Starting with the line containing "have DBM (i" and going on through the line containing "have eL : genL", return the lines of the data below exactly, and only those.

[Opening Provided records section]

Lemma iter_genL_pair_le k m S f (M : R) (i j : 'I_N) :
  iterates_bounded k -> BM f -> depends_on S f -> (#|S| <= m)%N ->
  (forall v, `|f v| <= M) -> (i < j)%N ->
  forall v, `|iter k (genL Q) (fun w => Q i j f w - f w) v| <=
    (iterate_bound k m.+1)%:R * (M + M) * ((i \in S) + (j \in S))%:R.
Proof.
move=> IH hf hd hS hM ij v; have hQij := hQ ij.
have M_ge0 : 0 <= M by apply: le_trans (hM v).
have QfBM : BM (Q i j f) by have [[QBM _ _ _] _ _] := hQij; exact: QBM.
case: (boolP ((i \in S) || (j \in S))) => hij; last first.
  move: hij; rewrite negb_or => /andP[iS jS].
  rewrite (markov_pair_id hQij hf hd iS jS).
  have -> : (fun w => f w - f w) = (fun w => 0 * f w).
    by apply: funext => w; rewrite subrr mul0r.
  by rewrite iterL_scale // mul0r normr0 !mulr_ge0 // addr_ge0.
have card_le : (#|i |: (j |: S)| <= m.+1)%N.
  by rewrite (leq_trans (card_setU1U1_le hij)) // ltnS.
have DBM : BM (fun w => Q i j f w - f w) by exact: BM_sub.
have Dbound w : `|Q i j f w - f w| <= M + M.
  rewrite (le_trans (ler_normB _ _)) // lerD //.
  by have [Qop _ _] := hQij; exact: markov_op_norm_le Qop hf hM w.
have Ddep : depends_on (i |: (j |: S)) (fun w => Q i j f w - f w).
  move=> x y hxy; rewrite (markov_pair_depends_on hQij hf hd hxy); congr (_ - _).
  by apply: (depends_onS _ hd hxy); apply/fintype.subsetP => l lS; rewrite !inE lS !orbT.
rewrite (le_trans (IH _ _ _ _ DBM Ddep card_le Dbound v)) //.
rewrite ler_peMr ?mulr_ge0 ?addr_ge0 // ler1n.
by case/orP: hij => ->; rewrite ?addn1 ?addnS.
Qed.

Lemma iterates_bounded_succ k : iterates_bounded k -> iterates_bounded k.+1.
Proof.
move=> IH m S f M hf hd hS hM v.
have M_ge0 : 0 <= M by apply: le_trans (hM v).
set c : R := 2 / (N.-1)%:R.
have c_ge0 : 0 <= c by rewrite divr_ge0.
have cN : c * (N.-1)%:R = 2 by rewrite mulfVK // pnatr_eq0; case: N hN => [|[|n]].
set D := fun (i j : 'I_N) w => Q i j f w - f w.
have DBM (i j : 'I_N) : (i < j)%N -> BM (D i j).
  by move=> ij; have [[QBM _ _ _] _ _] := hQ ij; exact: BM_sub (QBM _ hf) hf.
have sumBM (i : 'I_N) : BM (fun w => \sum_(j < N | (i < j)%N) D i j w).
  by apply: BM_sum; exact: DBM.
have eL : genL Q f = fun w => c * \sum_(i < N) \sum_(j < N | (i < j)%N) D i j w by [].
rewrite iterSr eL iterL_scale; last by apply: BM_sum => i _; exact: sumBM.
rewrite iterL_sum /=; last by move=> i _; exact: sumBM.
(* Only the #|S| (N - 1) pairs meeting S contribute, and 2 / (N - 1) cancels N - 1. *)
set B := (iterate_bound k m.+1)%:R * (M + M).
have hsum : `|\sum_(i < N) iter k (genL Q) (fun w => \sum_(j < N | (i < j)%N) D i j w) v|
    <= B * (#|S| * N.-1)%N%:R.
  rewrite -sum_pairs_mem_card natr_sum mulr_sumr.
  apply: (le_trans (ler_norm_sum _ _ _)); apply: ler_sum => i _.
  rewrite iterL_sum /=; last exact: DBM.
  rewrite natr_sum mulr_sumr; apply: (le_trans (ler_norm_sum _ _ _)).
  by apply: ler_sum => j ij; exact: iter_genL_pair_le.
rewrite normrM ger0_norm // (le_trans (ler_wpM2l c_ge0 hsum)) //.
have step : 4 * m%:R * (iterate_bound k m.+1)%:R <= (iterate_bound k.+1 m)%:R :> R.
  by rewrite -!natrM ler_nat iterate_bound_step.
have hSm : (#|S|%:R : R) <= m%:R by rewrite ler_nat.
have bM_ge0 : 0 <= (iterate_bound k m.+1)%:R * M by rewrite mulr_ge0.
have := ler_wpM2r M_ge0 step.
rewrite natrM /B.
have -> : c * ((iterate_bound k m.+1)%:R * (M + M) * (#|S|%:R * (N.-1)%:R))
  = (c * (N.-1)%:R) * (2 * #|S|%:R * ((iterate_bound k m.+1)%:R * M)) by ring.
rewrite cN; nra.
Qed.

Lemma iterates_boundedP k : iterates_bounded k.
Proof.
elim: k => [|k IH]; last exact: iterates_bounded_succ.
by move=> m S f M _ _ _ hM v; rewrite /iterate_bound /= bin0 mul1r.
Qed.

End IterateGenerator.

Lemma extend_depends_on (R : realType) (p N : nat) (hpN : (p <= N)%N)
    (phi : torus R p -> R) :
  depends_on [set widen_ord hpN k | k : 'I_p] (@extend R p N phi).
Proof.
move=> v w h; rewrite /extend; congr phi; apply: funext => k.
case: insubP => [j _ hj|] //; apply: h.
by rewrite (_ : j = widen_ord hpN k) ?imset_f //; apply: val_inj.
Qed.

Lemma supnorm_iter_genL_extend (R : realType) (p N : nat)
    (Q : 'I_N -> 'I_N -> (torus R N -> R) -> torus R N -> R)
    (phi : torus R p -> R) (M : R) k :
  (2 <= N)%N -> (p <= N)%N ->
  (forall i j : 'I_N, (i < j)%N -> markov_pair i j (Q i j)) ->
  BM phi -> (forall v, `|phi v| <= M) ->
  supnorm (iter k (genL Q) (@extend R p N phi)) <= (iterate_bound k p)%:R * M.
Proof.
move=> hN hpN hQ hphi hM; apply: ge_sup.
  exists `|iter k (genL Q) (@extend R p N phi) (fun _ => S1_base R)|.
  by exists (fun _ => S1_base R).
move=> _ [v _ <-]; apply: (iterates_boundedP hQ hN k (BM_extend N hphi)
  (extend_depends_on (hpN := hpN) phi)) => [|w]; last exact: hM.
by rewrite (leq_trans (leq_imset_card _ _)) // card_ord.
Qed.

Lemma binomial_exp_le (R : numDomainType) (s : R) n k : 0 <= s -> (k <= n)%N ->
  'C(n, k)%:R * s ^+ k <= (1 + s) ^+ n.
Proof.
move=> s_ge0 kn; rewrite addrC exprD1n (bigD1 (Ordinal (kn : k < n.+1)%N)) //=.
by rewrite mulr_natl lerDl sumr_ge0 // => i _; rewrite mulrn_wge0 // exprn_ge0.
Qed.

Lemma binomial_geometric_le (R : realFieldType) (q : R) p : 0 <= q < 1 ->
  exists C r : R,
    [/\ 0 <= C, 0 < r < 1 & forall k, 'C(p + k, k)%:R * q ^+ k <= C * r ^+ k].
Proof.
(* C(p+k, k) s^k <= (1+s)^(p+k), and s is so large that (1+s) q / s <= (1+q) / 2. *)
move=> /andP[q_ge0 q_lt1]; set s := 2 / (1 - q).
have s_gt0 : 0 < s by rewrite divr_gt0 // subr_gt0.
have qs_ge0 : 0 <= q / s by rewrite divr_ge0 // ltW.
exists ((1 + s) ^+ p), ((1 + q) / 2); split.
- by rewrite exprn_ge0 // addr_ge0 // ltW.
- by apply/andP; split; lra.
move=> k.
have qs_le : (1 + s) * (q / s) <= (1 + q) / 2.
  have -> : (1 + s) * (q / s) = q + q * (1 - q) / 2.
    by rewrite /s; field; rewrite subr_eq0 gt_eqF.
  nra.
have -> : q ^+ k = s ^+ k * (q / s) ^+ k by rewrite -exprMn mulrC divfK ?gt_eqF.
rewrite mulrA (le_trans (ler_wpM2r (exprn_ge0 _ qs_ge0)
  (binomial_exp_le (ltW s_gt0) (leq_addl p k)))) //.
rewrite exprD -mulrA -exprMn; apply: ler_wpM2l.
  by rewrite exprn_ge0 // addr_ge0 // ltW.
by rewrite lerXn2r // nnegrE; [rewrite mulr_ge0 // addr_ge0 // ltW | lra].
Qed.

Lemma geometric_tail_small (R : realType) (A r eps : R) :
  0 <= A -> 0 < r < 1 -> 0 < eps ->
  exists K0 : nat, forall K, A * \sum_(K0 <= k < K) r ^+ k <= eps.
Proof.
move=> A_ge0 /andP[r_gt0 r_lt1] eps_gt0.
have r1_gt0 : 0 < 1 - r by rewrite subr_gt0.
have d_gt0 : 0 < eps * (1 - r) / (A + 1) by rewrite !divr_gt0 ?mulr_gt0 // ltr_wpDl.
have r_norm : `|r| < 1 by rewrite gtr0_norm.
have [K0 _ hK0] := cvgr0_norm_lt (F := \oo) (fun n => r ^+ n) (cvg_expr r_norm) _ d_gt0.
have {hK0} := hK0 K0 (leqnn _); rewrite /= normrX gtr0_norm // => hK0.
exists K0 => K; case: (leqP K0 K) => [K0K | KK0]; last first.
  by rewrite big_geq ?(ltnW KK0) // mulr0; exact: ltW.
rewrite -(subnKC K0K) geometric_partial_tail.
have := geometric_le_lim (K - K0) (exprn_ge0 K0 (ltW r_gt0)) r_gt0 r_norm.
move=> /(ler_wpM2l A_ge0)/le_trans; apply.
move: hK0; rewrite ltr_pdivlMr ?ltr_wpDl // => hK0.
rewrite mulrA ler_pdivrMr //; nra.
Qed.

Lemma exp_coef_iterate_bound (R : numFieldType) (t : R) k p :
  t ^+ k / k`!%:R * (iterate_bound k p)%:R = (4 * t) ^+ k * 'C(p + k, k)%:R.
Proof.
rewrite /iterate_bound !natrM natrX exprMn; field.
by rewrite pnatr_eq0 -lt0n fact_gt0.
Qed.

Theorem mainTheorem4 (R : realType) (p : nat) (phi : torus R p -> R)
    (Q : forall N : nat, 'I_N -> 'I_N -> (torus R N -> R) -> (torus R N -> R))
    (T : R) :
  BM phi ->
  (forall (N : nat) (i j : 'I_N), (2 <= N)%N -> (i < j)%N ->
      markov_pair i j (Q N i j)) ->
  T < 1 / 4 ->
  forall eps : R, 0 < eps ->
  exists K0 : nat, forall N : nat, (2 <= N)%N -> (p <= N)%N ->
    forall t : R, 0 <= t <= T -> forall K : nat,
      \sum_(K0 <= k < K)
         t ^+ k / (k`!)%:R * supnorm (iter k (genL (Q N)) (@extend R p N phi))
      <= eps.
Proof.
move=> hphi hQ hT eps eps_gt0; have [_ [M hM]] := hphi.
have M_ge0 : 0 <= M by apply: le_trans (hM (fun _ => S1_base R)).
have [T_lt0 | T_ge0] := ltP T 0.
  by exists 0%N => N _ _ t /andP[t_ge0 t_le]; lra.
have q01 : 0 <= 4 * T < 1 by apply/andP; split; lra.
have [C [r [C_ge0 r01 hCr]]] := binomial_geometric_le p q01.
have [K0 hK0] := geometric_tail_small (mulr_ge0 M_ge0 C_ge0) r01 eps_gt0.
exists K0 => N hN hpN t /andP[t_ge0 t_le] K; apply: le_trans (hK0 K).
rewrite mulr_sumr; apply: ler_sum => k _.
have hnorm := supnorm_iter_genL_extend k hN hpN (fun i j => hQ N i j hN) hphi hM.
rewrite (le_trans (ler_wpM2l _ hnorm)) ?divr_ge0 ?exprn_ge0 //.
rewrite mulrA exp_coef_iterate_bound mulrC -mulrA ler_wpM2l //.
rewrite mulrC (le_trans _ (hCr k)) // ler_wpM2l // lerXn2r ?nnegrE //; lra.
Qed.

[Closing Provided records section]

**Solution for this exercise**
have DBM (i j : 'I_N) : (i < j)%N -> BM (D i j).
  by move=> ij; have [[QBM _ _ _] _ _] := hQ ij; exact: BM_sub (QBM _ hf) hf.
have sumBM (i : 'I_N) : BM (fun w => \sum_(j < N | (i < j)%N) D i j w).
  by apply: BM_sum; exact: DBM.
have eL : genL Q f = fun w => c * \sum_(i < N) \sum_(j < N | (i < j)%N) D i j w by [].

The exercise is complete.